A caution on serology is that the anti-tTG and –dGli are affected by antigen stimulation, i.e., in this case diet.  The tests have maximal sensitivity when the individual is ingesting a normal (gluten containing) diet prior to testing.  If individuals had been placed on gluten-free diets prior to testing, a false negative result can occur.  However, because of this same feature, serologic studies may be helpful when individuals are being monitored for compliance with a stringent gluten-free diet.  Elevation of specific antibody levels suggests noncompliance, or inadvertent ingestion of gluten (perhaps due to its use in the processing of otherwise non-gluten-containing food). 

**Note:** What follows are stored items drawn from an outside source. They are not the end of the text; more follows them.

Lemma theta_end2_s e : (end2 e == inl false) = false.
Proof.
case: e => i j; rewrite /theta_end2 /=.
case: (unliftP ord_max j) => [m ->|->]; rewrite ?lift_max ?theta_pos_inner //.
by rewrite /theta_pos /= eqxx.
Qed.

Lemma theta_end1_inner e i m : (end1 e == inr (i, m)) = (e == (i, lift ord0 m)).
Proof.
case: e => i' j; rewrite /theta_end1 /= xpair_eqE.
case: (unliftP ord0 j) => [m' ->|->]; last by rewrite (negbTE (neq_lift _ _)) andbF.
by rewrite lift0 theta_pos_inner (inj_eq (@lift_inj _ ord0)).
Qed.

Lemma theta_end2_inner e i m : (end2 e == inr (i, m)) = (e == (i, lift ord_max m)).
Proof.
case: e => i' j; rewrite /theta_end2 /= xpair_eqE.
case: (unliftP ord_max j) => [m' ->|->]; last first.
  by rewrite /theta_pos /= eqxx eq_sym (negbTE (neq_lift _ _)) andbF.
by rewrite lift_max theta_pos_inner (inj_eq (@lift_inj _ ord_max)).
Qed.

Variables (G : zmodType) (f : theta_E q n.+1 -> G).

Lemma theta_boundary_s : theta_boundary q n.+1 f (inl false) = \sum_i f (i, ord0).
Proof.
rewrite /boundary [X in _ - X]big_pred0 => [|e]; last exact: theta_end2_s.
rewrite subr0 [RHS](eq_bigr (fun i => \sum_(j | j == ord0) f (i, j))) => [|i _].
  by rewrite pair_big_dep; apply: eq_big => [e|[i j] _] //; rewrite theta_end1_s.
by rewrite big_pred1_eq.
Qed.

Lemma theta_boundary_inner i m :
  theta_boundary q n.+1 f (inr (i, m)) = f (i, lift ord0 m) - f (i, lift ord_max m).
Proof.
rewrite /boundary (big_pred1 (i, lift ord0 m)) => [|e]; last exact: theta_end1_inner.
by rewrite (big_pred1 (i, lift ord_max m)) => // e; exact: theta_end2_inner.
Qed.

Lemma theta_path_potential (c : nat -> G) i :
  (forall m : 'I_n, theta_boundary q n.+1 f (inr (i, m)) = c m.+1 - c m) ->
  forall j : 'I_n.+1, f (i, j) - c j = f (i, ord0) - c 0%N.
Proof.
move=> f_inner [j]; elim: j => [|j IH] lt_j_n.
  by congr (f (i, _) - _); apply: val_inj.
have lt_jn : (j < n)%N by [].
have := f_inner (Ordinal lt_jn); rewrite theta_boundary_inner -(IH (ltnW lt_j_n)).
have -> : lift ord0 (Ordinal lt_jn) = Ordinal lt_j_n by apply: val_inj.
have -> : lift ord_max (Ordinal lt_jn) = Ordinal (ltnW lt_j_n).
  by apply: val_inj; exact: lift_max.
move=> /eqP; rewrite subr_eq => /eqP ->.
by rewrite /= addrAC (addrAC (c _)) subrr add0r addrC.
Qed.

End ThetaGraph.

Lemma card_avoid_opposites (T : finZmodType) (J : finType) (g : J -> T) :
  (#|T| <= #|[set y : T | [forall j, (y + g j != 0)%R]]| + #|J|)%N.
Proof.
set S := [set y | _]; have <- := cardsC S; rewrite leq_add2l.
have sub : ~: S \subset [set - g j | j in J].
  apply/subsetP => y; rewrite !inE negb_forall => /existsP[j].
  by rewrite negbK addr_eq0 => /eqP ->; exact: imset_f.
by rewrite (leq_trans (subset_leq_card sub)) // leq_imset_card.
Qed.

Section ZpSumsets.
Variables (p : nat) (p_pr : prime p).

Lemma card_Zp_prime : #|'Z_p| = p.
Proof. by rewrite card_ord Zp_cast // prime_gt1. Qed.

Lemma Zp_shift_closed_setT (T : {set 'Z_p}) (d : 'Z_p) :
  d != 0 -> T != set0 -> (forall t, t \in T -> t + d \in T) -> T = setT.
Proof.
move=> d_neq0 /set0Pn[t0 t0T] T_shift.
have T_mul m : t0 + d *+ m \in T.
  by elim: m => [|m IH]; rewrite ?mulr0n ?addr0 // mulrSr addrA T_shift.
have d_unit : d \is a GRing.unit.
  rewrite -[d]natr_Zp unitZpE ?prime_gt1 // prime_coprime // gtnNdvd //.
    by rewrite lt0n; apply: contraNneq d_neq0 => d0; apply/eqP/val_inj.
  by rewrite -[X in (_ < X)%N](Zp_cast (prime_gt1 p_pr)).
apply/setP => y; rewrite inE.
have -> : y = t0 + d *+ val ((y - t0) / d).
  by rewrite -mulr_natl natr_Zp divrK // addrC subrK.
exact: T_mul.
Qed.

Lemma card_addset (S A : {set 'Z_p}) : S != set0 -> (1 < #|A|)%N ->
  (minn p #|S|.+1 <= #|[set (x + a)%R | x in S, a in A]|)%N.
Proof.
move=> S_neq0 /card_gt1P[a [b [aA bA a_neq_b]]].
set SA := [set _ | _ in _, _ in _].
have shift_sub c : c \in A -> [set x + c | x in S] \subset SA.
  by move=> cA; apply/subsetP => _ /imsetP[x xS ->]; exact: imset2_f.
have card_shift c : #|[set x + c | x in S]| = #|S| by rewrite card_imset //; exact: addIr.
have le_S_SA : (#|S| <= #|SA|)%N by rewrite -(card_shift a) subset_leq_card // shift_sub.
have [lt_S_SA | le_SA_S] := ltnP #|S| #|SA|; first by rewrite geq_min lt_S_SA orbT.
have shiftE c : c \in A -> [set x + c | x in S] = SA.
  by move=> cA; apply/eqP; rewrite eqEcard shift_sub // card_shift.
have S_full : S = setT.
  apply: (@Zp_shift_closed_setT _ (b - a)) S_neq0 _; first by rewrite subr_eq0 eq_sym.
  move=> t tS; have : t + b \in [set x + a | x in S].
    by rewrite shiftE // -(shiftE b) //; apply: imset_f.
  by case/imsetP => t' t'S; rewrite addrA => ->; rewrite addrK.
by rewrite geq_min -{1}card_Zp_prime -cardsT -S_full le_S_SA.
Qed.

Section Choices.
Variables (I : finType) (A : I -> {set 'Z_p}).
Hypothesis A_gt1 : forall i, (1 < #|A i|)%N.

Definition choices (J : {set I}) : {set {ffun I -> 'Z_p}} :=
  [set x : {ffun I -> 'Z_p} | [forall i in J, x i \in A i]].

Definition partial_sums (J : {set I}) : {set 'Z_p} :=
  [set \sum_(i in J) x i | x : {ffun I -> 'Z_p} in choices J].

Lemma partial_sums_setU1 (J : {set I}) j : j \notin J ->
  [set s + a | s in partial_sums J, a in A j] \subset partial_sums (j |: J).
Proof.
move=> jNJ; apply/subsetP => _ /imset2P[_ a /imsetP[x xJ ->] aAj ->].
pose x' := [ffun i => if i == j then a else x i].
apply/imsetP; exists x'.
  rewrite inE; apply/forall_inP => i; rewrite in_setU1 ffunE.
  by case: eqP => [-> //| _ /= iJ]; move: xJ; rewrite inE => /forall_inP; exact.
rewrite big_setU1 //= ffunE eqxx addrC; congr (_ + _); apply: eq_bigr => i iJ.
by rewrite ffunE ifN //; apply: contraNneq jNJ => <-.
Qed.

Lemma card_partial_sums (J : {set I}) : (minn p #|J|.+1 <= #|partial_sums J|)%N.
Proof.
move: {2}#|J| (erefl #|J|) => n; elim: n J => [|n IH] J cardJ.
  rewrite cardJ; apply: leq_trans (geq_minr _ _) _.
  rewrite card_gt0; apply/set0Pn; exists 0.
  apply/imsetP; exists [ffun => 0]; last by rewrite big1 // => i; rewrite ffunE.
  by rewrite inE (cards0_eq cardJ); apply/forall_inP => i; rewrite in_set0.
have [j jJ] : exists j, j \in J by apply/card_gt0P; rewrite cardJ.
have card_Jj : #|J :\ j| = n by move: (cardsD1 j J); rewrite jJ cardJ => -[].
have := IH _ card_Jj; set S := partial_sums _ => le_S.
have S_neq0 : S != set0 by rewrite -card_gt0 (leq_trans _ le_S) // leq_min prime_gt0.
rewrite cardJ -(setD1K jJ).
apply: (leq_trans _ (subset_leq_card (partial_sums_setU1 _))); last by rewrite !inE eqxx.
by apply: (leq_trans _ (card_addset S_neq0 (A_gt1 j))); move: le_S; lia.
Qed.

Lemma Zp_sum_choices : (p <= #|I|.+1)%N ->
  forall y : 'Z_p, exists2 x : {ffun I -> 'Z_p}, (forall i, x i \in A i) & \sum_i x i = y.
Proof.
move=> le_p_I y; have : partial_sums setT = setT.
  apply/eqP; rewrite eqEcard subsetT cardsT card_Zp_prime.
  by have := card_partial_sums setT; rewrite cardsT (minn_idPl le_p_I).
move/setP/(_ y); rewrite !inE => /imsetP[x]; rewrite inE => /forall_inP x_A ->.
by exists x => [i|]; [exact: x_A (in_setT i) | apply: eq_bigl => i; rewrite in_setT].
Qed.

End Choices.
End ZpSumsets.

Lastly, not only are the new breed of EIA tests more specific and sensitive to detect the IgA-competent CD patients, but they also have produced a higher degree of reliability in detecting IgA deficient patients who have CD. Villalta et al reported that IgA deficient patients produce IgG antibodies against both tTG and dGli that can be detected with the newer available EIA products (Table 4).  Moreover, IgG anti-dGli proved to be effective in detecting CD in IgA competent and IgA deficient patients.  Both the IgG anti-tTG assay and the IgG anti-dGli assay were more effective at detecting CD than the IgG anti-EmA test Table 4.  This, along with the subjectivity of the EmA testing is why we recommend using a screening panel consisting of IgA and IgG anti-tTG and –dGli when testing individuals for CD.  Further, because IgA deficiency has an increased occurrence in patients with CD, the use of both IgG and IgA specific assays as the screening test allows detection of the vast majority of patients with CD, even in the presence of IgA deficiency. 

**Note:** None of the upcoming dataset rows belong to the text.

(* Let $\alpha: I\to M$ be a unit-speed curve on an oriented surface $M\subset E^3$ with Darboux frame $\{T,V,U\}$ and curvatures $k_g,k_n,\tau_g$, and assume $(k_n(s),\tau_g(s))\neq(0,0)$ for all $s$. Let $\gamma(s)=\alpha(s)+y_1(s)T(s)+y_2(s)V(s)+y_3(s)U(s)$, with $y_i$ smooth, be an associated curve whose tangent $\gamma'(s)$ is linearly dependent with $U(s)$, i.e. $\gamma'(s)=R(s)U(s)$ with $R(s)\neq0$ for all $s$. Then the following are equivalent: (i) $\gamma$ is a general helix; (ii) $\alpha$ is an isophote curve; (iii) $\alpha$ is a $D_o$-Darboux slant helix.
   Context: $M$ is an oriented surface in Euclidean 3-space $E^3$ and $\alpha:I\to M$ is a unit-speed curve with arc-length parameter $s$. Its Darboux frame $\{T,V,U\}$ consists of the unit tangent $T=\alpha'$, the unit surface normal $U$ of $M$ along $\alpha$, and $V=U\times T$; it satisfies $T'=k_gV+k_nU$, $V'=-k_gT+\tau_gU$, $U'=-k_nT-\tau_gV$, where $k_g,k_n,\tau_g$ are the geodesic curvature, normal curvature and geodesic torsion. A regular curve is a general helix if its unit tangent makes a constant angle with a fixed direction. $\alpha$ is an isophote curve if $\langle U,l\rangle$ is constant for some fixed unit vector $l$. The osculating Darboux vector field is $D_o=\tau_gT-k_nV$; $\alpha$ is a $D_o$-Darboux slant helix if $D_o/\|D_o\|$ makes a constant angle with a fixed unit direction. *)

From Stdlib Require Import Reals.
From Coquelicot Require Import Coquelicot.
Open Scope R_scope.

Record vec3 := V3 { v1 : R; v2 : R; v3 : R }.

Definition vzero : vec3 := V3 0 0 0.
Definition vadd (a b : vec3) : vec3 := V3 (v1 a + v1 b) (v2 a + v2 b) (v3 a + v3 b).
Definition vscal (r : R) (a : vec3) : vec3 := V3 (r * v1 a) (r * v2 a) (r * v3 a).
Definition vsub (a b : vec3) : vec3 := vadd a (vscal (-1) b).
Definition dot (a b : vec3) : R := v1 a * v1 b + v2 a * v2 b + v3 a * v3 b.
Definition cross (a b : vec3) : vec3 :=
  V3 (v2 a * v3 b - v3 a * v2 b) (v3 a * v1 b - v1 a * v3 b) (v1 a * v2 b - v2 a * v1 b).
Definition vnorm (a : vec3) : R := sqrt (dot a a).
Definition vunit (a : vec3) : vec3 := vscal (/ vnorm a) a.

Definition in_interval (a b : Rbar) (s : R) : Prop := Rbar_lt a s /\ Rbar_lt s b.

Definition has_vderive (f : R -> vec3) (s : R) (v : vec3) : Prop :=
  is_derive (fun t => v1 (f t)) s (v1 v) /\
  is_derive (fun t => v2 (f t)) s (v2 v) /\
  is_derive (fun t => v3 (f t)) s (v3 v).

Definition ex_vderive (f : R -> vec3) (s : R) : Prop :=
  ex_derive (fun t => v1 (f t)) s /\ ex_derive (fun t => v2 (f t)) s /\
  ex_derive (fun t => v3 (f t)) s.

Definition vDerive (f : R -> vec3) (s : R) : vec3 :=
  V3 (Derive (fun t => v1 (f t)) s) (Derive (fun t => v2 (f t)) s)
     (Derive (fun t => v3 (f t)) s).

Definition smooth_on (P : R -> Prop) (f : R -> R) : Prop :=
  forall (n : nat) (s : R), P s -> ex_derive_n f n s.

Definition vsmooth_on (P : R -> Prop) (f : R -> vec3) : Prop :=
  smooth_on P (fun t => v1 (f t)) /\ smooth_on P (fun t => v2 (f t)) /\
  smooth_on P (fun t => v3 (f t)).

Definition darboux_frame (P : R -> Prop) (alpha T V U : R -> vec3)
  (kg kn tg : R -> R) : Prop :=
  forall s, P s ->
    has_vderive alpha s (T s) /\
    vnorm (T s) = 1 /\ vnorm (U s) = 1 /\ dot (T s) (U s) = 0 /\
    V s = cross (U s) (T s) /\
    has_vderive T s (vadd (vscal (kg s) (V s)) (vscal (kn s) (U s))) /\
    has_vderive V s (vadd (vscal (- kg s) (T s)) (vscal (tg s) (U s))) /\
    has_vderive U s (vadd (vscal (- kn s) (T s)) (vscal (- tg s) (V s))).

Definition general_helix (P : R -> Prop) (c : R -> vec3) : Prop :=
  (forall s, P s -> ex_vderive c s /\ vDerive c s <> vzero) /\
  exists (d : vec3) (k : R), vnorm d = 1 /\
    forall s, P s -> dot (vunit (vDerive c s)) d = k.

Definition isophote (P : R -> Prop) (U : R -> vec3) : Prop :=
  exists (l : vec3) (k : R), vnorm l = 1 /\ forall s, P s -> dot (U s) l = k.

Definition osc_darboux (T V : R -> vec3) (kn tg : R -> R) (s : R) : vec3 :=
  vsub (vscal (tg s) (T s)) (vscal (kn s) (V s)).

Definition Do_slant_helix (P : R -> Prop) (T V : R -> vec3) (kn tg : R -> R) : Prop :=
  exists (d : vec3) (k : R), vnorm d = 1 /\
    forall s, P s -> dot (vunit (osc_darboux T V kn tg s)) d = k.

(* Since gamma' = Rf U with Rf continuous and nowhere zero, Rf has constant
   sign and the unit tangent of gamma is that sign times U: (i) <-> (ii).
   For (ii) <-> (iii), rotate {T, V} in the tangent plane to {e, f} with
   e = D_o / |D_o| = cos theta T - sin theta V.  Then U' = -w f, e' = kappa f
   and f' = w U - kappa e, where w = |D_o| > 0 and kappa = kg - theta'.
   If <U, l> is constant then <f, l> = 0, so <e, l>^2 = 1 - <U, l>^2 is
   constant, hence so is the continuous function <e, l>.  Conversely, if
   <e, d> = c then kappa <f, d> = 0, and a connectedness argument shows that
   either <f, d> vanishes on the whole interval, and then <U, d> is constant,
   or kappa does, and then e is a constant unit vector orthogonal to U. *)

From Stdlib Require Import Reals Ranalysis5 Lra Classical ClassicalEpsilon.
From Coquelicot Require Import Coquelicot.
Open Scope R_scope.

Lemma sign_eq_of_mul_pos x y : 0 < x * y -> x / Rabs x = y / Rabs y.
Proof.
  intros Hxy. assert (Hx : x <> 0) by nra. assert (Hy : y <> 0) by nra.
  destruct (Rlt_dec 0 x).
  - rewrite !Rabs_pos_eq by nra. field. split; assumption.
  - rewrite !Rabs_left by nra. field. split; assumption.
Qed.

Lemma sign_sqr x : x <> 0 -> x / Rabs x * (x / Rabs x) = 1.
Proof.
  intros Hx. destruct (Rlt_dec 0 x).
  - rewrite Rabs_pos_eq by lra. field. exact Hx.
  - rewrite Rabs_left by lra. field. exact Hx.
Qed.

Section Interval.

Variables a b : Rbar.
Local Notation I := (in_interval a b).

Lemma in_interval_nonempty : Rbar_lt a b -> exists s, I s.
Proof.
  unfold in_interval.
  destruct a as [x| |], b as [y| |]; simpl; intros Hab; try contradiction.
  - exists ((x + y) / 2); simpl; lra.
  - exists (x + 1); simpl; lra.
  - exists (y - 1); simpl; lra.
  - exists 0; simpl; auto.
Qed.

Lemma in_interval_locally s : I s -> locally s I.
Proof.
  intros [Has Hsb]. destruct (Rbar_lt_locally a b s Has Hsb) as [e He].
  exists e. exact He.
Qed.

Lemma in_interval_convex s t c : I s -> I t -> s <= c <= t -> I c.
Proof.
  intros [Has _] [_ Htb] Hc. split.
  - destruct a as [x| |]; simpl in *; auto. lra.
  - destruct b as [y| |]; simpl in *; auto. lra.
Qed.

Lemma locally_on_interval (P : R -> Prop) s :
  (forall u, I u -> P u) -> I s -> locally s P.
Proof. intros HP Hs. exact (filter_imp I P HP (in_interval_locally s Hs)). Qed.

(* The indicator of a locally constant predicate is continuous, so the
   intermediate value theorem forbids it to jump between 1 and -1. *)
Lemma locally_constant_on_interval (P : R -> Prop) :
  (forall t, I t -> locally t (fun u => P u <-> P t)) ->
  forall s t, I s -> I t -> P s -> P t.
Proof.
  intros HP.
  set (ind := fun u => if excluded_middle_informative (P u) then 1 else -1).
  assert (Hind : forall u, (ind u = 1 /\ P u) \/ (ind u = -1 /\ ~ P u)).
  { intros u. unfold ind. destruct (excluded_middle_informative (P u)); auto. }
  assert (Hcont : forall c, I c -> continuous ind c).
  { intros c Hc. apply (continuous_ext_loc ind (fun _ => ind c)).
    - generalize (HP c Hc). apply filter_imp. intros u Hu.
      destruct (Hind u) as [[-> ?] | [-> ?]], (Hind c) as [[-> ?] | [-> ?]];
        tauto || reflexivity.
    - apply continuous_const. }
  assert (Hconst : forall x y, x < y -> I x -> I y -> ind x = ind y).
  { intros x y Hxy Hx Hy. apply NNPP. intros Hneq.
    assert (Hopp : ind x * ind y = -1).
    { destruct (Hind x) as [[Hx1 _] | [Hx1 _]], (Hind y) as [[Hy1 _] | [Hy1 _]];
        rewrite Hx1, Hy1 in *; lra || congruence. }
    destruct (IVT_interv (fun u => - ind x * ind u) x y) as [c [_ Hc]]; auto.
    - intros c Hc. apply continuity_pt_filterlim.
      apply (continuous_mult (fun _ => - ind x) ind); [apply continuous_const|].
      apply Hcont, (in_interval_convex x y c Hx Hy Hc).
    - destruct (Hind x) as [[-> _] | [-> _]]; lra.
    - lra.
    - destruct (Hind x) as [[Hx1 _] | [Hx1 _]], (Hind c) as [[Hc1 _] | [Hc1 _]];
        rewrite Hx1, Hc1 in Hc; lra. }
  intros s t Hs Ht Ps.
  assert (Hst : ind s = ind t).
  { destruct (Rtotal_order s t) as [Hlt | [<- | Hgt]]; auto.
    symmetry. apply Hconst; auto. }
  destruct (Hind s) as [[Hs1 _] | [_ nPs]], (Hind t) as [[_ Pt] | [Ht1 _]]; auto.
  - lra.
  - tauto.
Qed.

Lemma continuous_locally_pos (g : R -> R) t :
  continuous g t -> 0 < g t -> locally t (fun u => 0 < g u).
Proof.
  intros Hc Hpos.
  apply continuity_pt_filterlim in Hc. rewrite continuity_pt_locally in Hc.
  generalize (Hc (mkposreal _ Hpos)). apply filter_imp.
  intros u Hu. apply Rabs_def2 in Hu. simpl in Hu. lra.
Qed.

Lemma continuous_locally_same_sign (g : R -> R) t :
  continuous g t -> g t <> 0 -> locally t (fun u => 0 < g u * g t).
Proof.
  intros Hc Hnz. apply continuous_locally_pos.
  - apply (continuous_mult g (fun _ => g t)); auto. apply continuous_const.
  - nra.
Qed.

Lemma continuous_locally_nonzero (g : R -> R) t :
  continuous g t -> g t <> 0 -> locally t (fun u => g u <> 0).
Proof.
  intros Hc Hnz. generalize (continuous_locally_same_sign g t Hc Hnz).
  apply filter_imp. intros u Hu Hu0. rewrite Hu0 in Hu. lra.
Qed.

Lemma continuous_nonzero_same_sign (g : R -> R) :
  (forall s, I s -> continuous g s /\ g s <> 0) ->
  forall s t, I s -> I t -> 0 < g s * g t.
Proof.
  intros Hg s t Hs Ht.
  apply (locally_constant_on_interval (fun u => 0 < g s * g u)) with s; auto.
  - intros u Hu. destruct (Hg u Hu) as [Hc Hnz].
    generalize (continuous_locally_same_sign g u Hc Hnz). apply filter_imp.
    intros v Hv. split; intros Hsv.
    + assert (0 < (g s * g v) * (g v * g u)) by (apply Rmult_lt_0_compat; auto). nra.
    + assert (0 < (g s * g u) * (g v * g u)) by (apply Rmult_lt_0_compat; auto). nra.
  - destruct (Hg s Hs). nra.
Qed.

Lemma continuous_eq_of_sqr_eq (f : R -> R) :
  (forall s, I s -> continuous f s) ->
  (forall s t, I s -> I t -> f s * f s = f t * f t) ->
  forall s t, I s -> I t -> f s = f t.
Proof.
  intros Hc Hsq s t Hs Ht.
  destruct (Req_dec (f t) 0) as [Hz | Hnz].
  - specialize (Hsq s t Hs Ht). rewrite Hz in *. nra.
  - assert (Hsign : 0 < f s * f t).
    { apply continuous_nonzero_same_sign; auto. intros u Hu. split; auto.
      intros Hu0. specialize (Hsq u t Hu Ht). rewrite Hu0 in Hsq. nra. }
    specialize (Hsq s t Hs Ht).
    assert (Hfac : (f s - f t) * (f s + f t) = 0) by lra.
    apply Rmult_integral in Hfac. destruct Hfac; nra.
Qed.

Lemma is_derive_zero_const (f : R -> R) :
  (forall s, I s -> is_derive f s 0) ->
  forall s t, I s -> I t -> f s = f t.
Proof.
  intros Hf.
  assert (Hlt : forall s t, s < t -> I s -> I t -> f s = f t).
  { intros s t Hst Hs Ht.
    assert (Hd : forall c, s <= c <= t -> derivable_pt_lim f c ((fun _ => 0) c)).
    { intros c Hc. apply is_derive_Reals, Hf, (in_interval_convex s t c Hs Ht Hc). }
    destruct (MVT_cor2 f (fun _ => 0) s t Hst Hd) as [c [Hc _]]. lra. }
  intros s t Hs Ht. destruct (Rtotal_order s t) as [Hst | [<- | Hts]]; auto.
  symmetry; auto.
Qed.

Lemma is_derive_const_on (f : R -> R) k s :
  (forall u, I u -> f u = k) -> I s -> is_derive f s 0.
Proof.
  intros Hf Hs. apply (is_derive_ext_loc (fun _ => k)).
  - apply locally_on_interval; auto. intros u Hu. symmetry; auto.
  - apply (is_derive_const (K := R_AbsRing) (V := R_NormedModule)).
Qed.

Lemma is_derive_isolated_zero (f : R -> R) (t l : R) :
  is_derive f t l -> l <> 0 -> f t = 0 -> locally t (fun u => u <> t -> f u <> 0).
Proof.
  intros Hd Hl Hf0. apply is_derive_Reals in Hd.
  destruct (Hd (Rabs l) (Rabs_pos_lt l Hl)) as [e He].
  cut (forall u : R, Rabs (u - t) < e -> u <> t -> f u <> 0).
  { intros Hball. exists e. exact Hball. }
  intros u Hu Hut Hfu.
  assert (Hh : u - t <> 0) by lra.
  specialize (He (u - t) Hh Hu). replace (t + (u - t)) with u in He by ring.
  rewrite Hfu, Hf0 in He. replace ((0 - 0) / (u - t) - l) with (- l) in He by (field; auto).
  rewrite Rabs_Ropp in He. lra.
Qed.

Lemma is_derive_unique_value (f : R -> R) (s l1 l2 : R) :
  is_derive f s l1 -> is_derive f s l2 -> l1 = l2.
Proof.
  intros H1 H2. rewrite <- (is_derive_unique _ _ _ H1). exact (is_derive_unique _ _ _ H2).
Qed.

Lemma is_derive_locally_zero (f : R -> R) (t l : R) :
  is_derive f t l -> locally t (fun u => f u = 0) -> l = 0.
Proof.
  intros Hd Hloc. apply is_derive_unique in Hd. rewrite <- Hd.
  rewrite (Derive_ext_loc f (fun _ => 0)); auto. apply Derive_const.
Qed.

Table 4. Serologic Results in 28 IgA deficient cases (21 children, 9 adults) with CD on normal diets

TestSensitivity with
Age-specific cut-offs
Sensitivity with
Manufacturer’s cut-offs
IgG Anti-tTG92.9%85.7%
IgG Anti-EmA77.8%77.8%
IgG Anti-dGli92.9%92.9%

Data from Villalta et al.by both age-specific (to correct for lower IgA levels in young children) and straight manufacturer’s cut-offs.


Summary

CD is one of the most common diseases in Western medicine.  However, due to the wide variance in presentation, many clinically affected cases are not tested for this treatable condition.  Reliable serologic testing permits cost-effective, noninvasive screening of large numbers of individuals who previously may not have been candidates for endoscopy.  Because of dramatic improvements in EIA testing for CD, Warde Medical Laboratory recommends that individuals suspected of having CD be tested with a panel of: IgG and IgA anti-tTG and IgG and IgA anti-dGli.

Further Reading

  • Dieterich W. et al. Identification of tissue transglutaminase as the autoantigen of celiac disease.  Nature Medicine. 3:797-801, 1997.
  • Goeken JA, Kingery JD. Laboratory recognition of celiac disease/gluten-sensitive enteropathy. CAP Participant Summary, 2007 CES-A.
  • Green PH, et al. Celiac Disease. N Engl J Med 357:1731-42, 2007.
  • NIH Consensus Conference on Celiac Disease. Gastroenterol. 128, no. 4, Suppl 1, 2005.
  • Prause C. et al. Antibodies Against Deamidated Gliadin as New and Accurate Biomarkers of Childhood Coeliac Disease. J Ped Gastroenterol Nutrition: 49:52-58, 2009.
  • Prause, C et al. “Give us this day our daily breat”—evolving concepts in Celiac Sprue. Arch Pathol Lab Med 132:1594-9, 2008.
  • Ludvigsson FJ et al. Small-intestinal histopathology and mortality risk in celiac disease. JAMA 302:1171-8, 2009.
  • Celiac Sprue Association Website http://www.csaceliacs.org/celiac_symptoms.php
  • National Digestive Disease Information Clearinghouse (A Service of NIH) http://digestive.niddk.nih.gov/ddiseases/pubs/celiac/
  • C. Robert Dahl, MD, "Celiac Disease: The Great Mimic Presentation," CSA Annual Conference, September 2000.
  • Scoglio R, et al. Is intestinal biopsy always needed for diagnosis of celiac disease? Am J Gastroenterol 98:1325-31, 2003.
  • Villalta D et al. IgG antibodies against deamidated gliadin peptides for diagnosis of celiac disease in patients with IgA deficiency. Clin Chem 56:464-8, 2010.